Once it has obtained the information it needs to answer you, the Assistant will rank your possible answers based on how confident it is that you understood it correctly and the relevance of your various potential answers.

Finally, it will decide which is the best response to provide in the appropriate format for your device. For example, if it’s just a speakerphone, it might give you spoken information. Conversely, if it has a screen in front of it, it might show you a map with walking directions.

Thus, in case I had to ask something more ambiguous like “Ok Google, what is the most popular dog?”, how would I know if I meant the breed of the dog, the name of the dog, or the most popular famous dog?

What the engineer comments is that the Assistant needs to understand what it is looking for, so in the above case, it was easy to intuit that since it is a location (“where is it”), it makes sense to use Maps to help.

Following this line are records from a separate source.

Lemma mval_ball_le x x' :
  maxnorm (fun i => x i - y i) < eps -> maxnorm (fun i => x' i - y i) < eps ->
  (mval J K j x <= mval J K j x' + (L * maxnorm (fun i => x i - x' i))%:E)%E.
Proof.
move=> xy x'y; have near z k : maxnorm (fun i => z i - y i) < eps -> `|z k - y k| < r / 2.
  move=> zy; apply: lt_le_trans (le_lt_trans (le_maxnorm _ k) zy) _.
  by have := eps_r; have := r_gt0; lra.
have sameI z t : maxnorm (fun i => z i - y i) < eps -> (forall i, r / 2 <= `|t - y i|) ->
    (yext z j <= t <= yext z j.+1) = (yext y j <= t <= yext y j.+1).
  by move=> zy; apply: yext_itv_far => k; exact: near.
apply: (ereal_sup_le_shift (A := V - 1) (t0 := t0)).
- exact: mulr_ge0 L_ge0 (maxnorm_ge0 _).
- rewrite /= in_itv /= sameI // => i; apply: le_trans (t0_far i); have := r_gt0; lra.
- exact: Fval_ball_t0.
move=> t; rewrite /= in_itv /= => It.
have t01 : 0 <= t <= 1.
  by apply: near_yext_itv01 It => i; apply: lt_le_trans (le_lt_trans (le_maxnorm _ i) xy) _.
have [far|/existsNP[i /negP]] := pselect (forall i, r / 2 <= `|t - y i|).
  by right; rewrite in_itv /= sameI // -(sameI x) //; split => //; exact: Fval_ball_far.
by rewrite -ltNge => near_i; left; exact: Fval_ball_near near_i.
Qed.

Lemma mval_ball_fin_num x :
  maxnorm (fun i => x i - y i) < eps -> mval J K j x \is a fin_num.
Proof.
move=> xy; have xyi i : `|x i - y i| < c / 2.
  exact: lt_le_trans (le_lt_trans (le_maxnorm _ i) xy) eps_c.
have d1 : 1 - c / 2 < 1 by have := c_gt0; lra.
have [UB FUB] := Fval_ub d1.
apply: (ereal_sup_fin_num (UB := UB) (t0 := t0)).
- rewrite /= in_itv /= (yext_itv_far (y := y) (e := r / 2)) // => i.
    by apply: lt_le_trans (le_lt_trans (le_maxnorm _ i) xy) _; have := eps_r; have := r_gt0; lra.
  by apply: le_trans (t0_far i); have := r_gt0; lra.
- by move: (Fval_ball_t0 xy); case: (F x t0).
- move=> t; rewrite /= in_itv /= => It; have t01 := near_yext_itv01 xyi It.
  by apply: (FUB _ _ t01) => i; exact: near_dist_le (xyi i) t01.
Qed.
End Ball.

Lemma mval_local_lipschitz j : mval J K j y != -oo%E ->
  exists eps : R, 0 < eps /\ exists L : R, forall x x' : 'I_n -> R,
    maxnorm (fun i => x i - y i) < eps -> maxnorm (fun i => x' i - y i) < eps ->
    mval J K j x \is a fin_num /\
    `|fine (mval J K j x) - fine (mval J K j x')| <= L * maxnorm (fun i => x i - x' i).
Proof.
move=> mNy; have d1 : 1 - c / 2 < 1 by have := c_gt0; lra.
have [UB FUB] := Fval_ub d1.
have [t0 It0 Ft0] := ereal_sup_neqNy mNy.
have {}It0 : yext y j <= t0 <= yext y j.+1 by move: It0; rewrite /= in_itv.
have yy i : `|y i - y i| < c / 2 by rewrite subrr normr0 divr_gt0.
have t0_01 := near_yext_itv01 yy It0.
have FV : F y t0 = (fine (F y t0))%:E.
  rewrite fineK //; apply: fin_real; rewrite ltNye Ft0 /=.
  exact: le_lt_trans (FUB _ _ t0_01 (fun i => near_dist_le (yy i) t0_01)) (ltry _).
set V := fine (F y t0) in FV.
have [r r_gt0 Fr] := Fval_near_singularity (V - 1) d1.
have t0_far i : r <= `|t0 - y i|.
  rewrite leNgt; apply/negP => t0_near.
  have := Fr _ _ i t0_01 (fun i => near_dist_le (yy i) t0_01) t0_near.
  by rewrite FV lee_fin; lra.
have r4_gt0 : 0 < r / 4 by rewrite divr_gt0.
have [L L_ge0 FL] := Fval_lipschitz r4_gt0 d1.
pose eps := Num.min (c / 2) (Num.min (r / 4) (1 / (L + 1))).
have eps_gt0 : 0 < eps by rewrite !lt_min !divr_gt0 ?ltr01 //; lra.
have eps_c : eps <= c / 2 by rewrite ge_min lexx.
have eps_r : eps <= r / 4 by rewrite !ge_min lexx orbT.
have eps_L : L * eps <= 1.
  have : eps <= 1 / (L + 1) by rewrite !ge_min lexx !orbT.
  by rewrite ler_pdivlMr ?mulrDr ?mulr1; lra.
exists eps; split => //; exists L => x x' xy x'y.
have ball_le := mval_ball_le Fr FL r_gt0 L_ge0 eps_c eps_r eps_L It0 t0_far FV.
have ball_fin := mval_ball_fin_num FL r_gt0 L_ge0 eps_c eps_r eps_L It0 t0_far FV.
split; first exact: ball_fin.
apply: fine_dist_le; [exact: ball_fin|exact: ball_fin|exact: ball_le|].
by rewrite maxnormC; exact: ball_le.
Qed.
End Local.
Lemma pairing_lin a b C wa wb wc wa1 wb1 wc1 wa2 wb2 wc2 wa3 wb3 wc3 :
  (forall i, wa i = wa1 i + wa2 i - wa3 i) ->
  (forall j, wb j = wb1 j + wb2 j - wb3 j) ->
  (forall i j, wc i j = wc1 i j + wc2 i j - wc3 i j) ->
  pairing a b C wa wb wc =
    pairing a b C wa1 wb1 wc1 + pairing a b C wa2 wb2 wc2 - pairing a b C wa3 wb3 wc3.
Proof.
move=> ha hb hc; rewrite /pairing.
have -> : \sum_i wa i * a i =
    \sum_i wa1 i * a i + \sum_i wa2 i * a i - \sum_i wa3 i * a i.
  by rewrite -big_split -sumrB; apply: eq_bigr => i _ /=; rewrite ha; ring.
have -> : \sum_j wb j * b j =
    \sum_j wb1 j * b j + \sum_j wb2 j * b j - \sum_j wb3 j * b j.
  by rewrite -big_split -sumrB; apply: eq_bigr => j _ /=; rewrite hb; ring.
have -> : \sum_i \sum_j wc i j * C i j = \sum_i \sum_j wc1 i j * C i j
    + \sum_i \sum_j wc2 i j * C i j - \sum_i \sum_j wc3 i j * C i j.
  rewrite -big_split -sumrB; apply: eq_bigr => i _ /=.
  by rewrite -big_split -sumrB; apply: eq_bigr => j _ /=; rewrite hc; ring.
ring.
Qed.

Lemma sum_delta (T : finType) (t0 : T) (f : T -> R) :
  \sum_t (t == t0)%:R * f t = f t0.
Proof.
rewrite (bigD1 t0) //= eqxx mul1r big1 ?addr0 // => t /negbTE ->.
by rewrite mul0r.
Qed.

Lemma transport_mono C C' a b B :
  (forall i j, C' i j <= C i j) -> transport C' a b B -> transport C a b B.
Proof.
move=> leC [hB ha hb]; split=> // i j.
by case/andP: (hB i j) => -> /le_trans ->.
Qed.

(* With no capacity, the cut condition forces a = b = 0. *)
Lemma transport_zero C a b : (forall i j, C i j = 0) ->
  \sum_i a i = \sum_j b j -> cut_condition C a b -> transport C a b (fun _ _ => 0).
Proof.
move=> C0 hab hcut.
have slackE S U :
    slack C a b S U = \sum_j (j \in U)%:R * b j - \sum_i (i \in S)%:R * a i.
  rewrite /slack /pairing (_ : \sum_i \sum_j _ = 0) ?addr0; last first.
    by apply: big1 => i _; apply: big1 => j _; rewrite C0 mulr0.
  by rewrite addrC -sumrN; congr (_ + _); apply: eq_bigr => i _; ring.
have b_ge0 j : 0 <= b j.
  have := hcut finset.set0 [set j].
  rewrite slackE [X in _ - X]big1 ?subr0; last first.
    by move=> i _; rewrite inE mul0r.
  by rewrite (eq_bigr (fun k => (k == j)%:R * b k)) ?sum_delta // => k _; rewrite inE.
have a_le0 i : a i <= 0.
  have := hcut [set i] finset.set0.
  rewrite slackE [X in X - _]big1 ?sub0r ?oppr_ge0; last first.
    by move=> j _; rewrite inE mul0r.
  by rewrite (eq_bigr (fun k => (k == i)%:R * a k)) ?sum_delta // => k _; rewrite inE.
have sum_b0 : \sum_j b j = 0.
  by apply/eqP; rewrite eq_le sumr_ge0 // andbT -hab sumr_le0.
have b0 j : b j = 0 by apply: (psumr_eq0P _ sum_b0).
have a0 i : a i = 0.
  apply/eqP; rewrite -oppr_eq0; apply/eqP.
  apply: (@psumr_eq0P _ _ predT (fun k => - a k)) => // [k _|].
    by rewrite oppr_ge0.
  by rewrite sumrN hab sum_b0 oppr0.
by split=> [i j|i|j]; rewrite ?C0 ?lexx // big1 ?a0 ?b0.
Qed.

Furthermore, Françoise states that the Assistant would recognize that this is a more open-ended question and would just use the Find tool to resolve it. Therefore, we may decide that this comes down to identifying the best interpretation.

On the other hand, she explains that something that is very useful is that the Assistant can rank how satisfied previous users were with similar answers to similar questions, which can help you decide how confident you are in your interpretation and that, ultimately, that question would go to Search and the results would be proposed to you in the format that is best for your device.

Lastly, if someone asks a question that has bits and bobs of different languages, how does the Assistant understand them?

From Francoise’s perspective, this is the most complicated aspect concerning Google’s voice assistants. Nevertheless, she mentions that the easiest way to deal with a case where the user speaks two languages is for the Assistant to listen to a bit of what they say and try to recognize in which language they are speaking, as it is able to do this using different models, each one dedicated to understanding specific languages.

He concluded by saying that there is another way to achieve this and that is to train a model to understand many languages at the same time. However, this alternative is still being developed by the team, but it is a fact that sooner or later it will become a reality.

“In many cases, people switch from one language to the other within the same sentence. Having a single model that understands what those languages are is a great solution to that” said the engineer by way of closing the interview.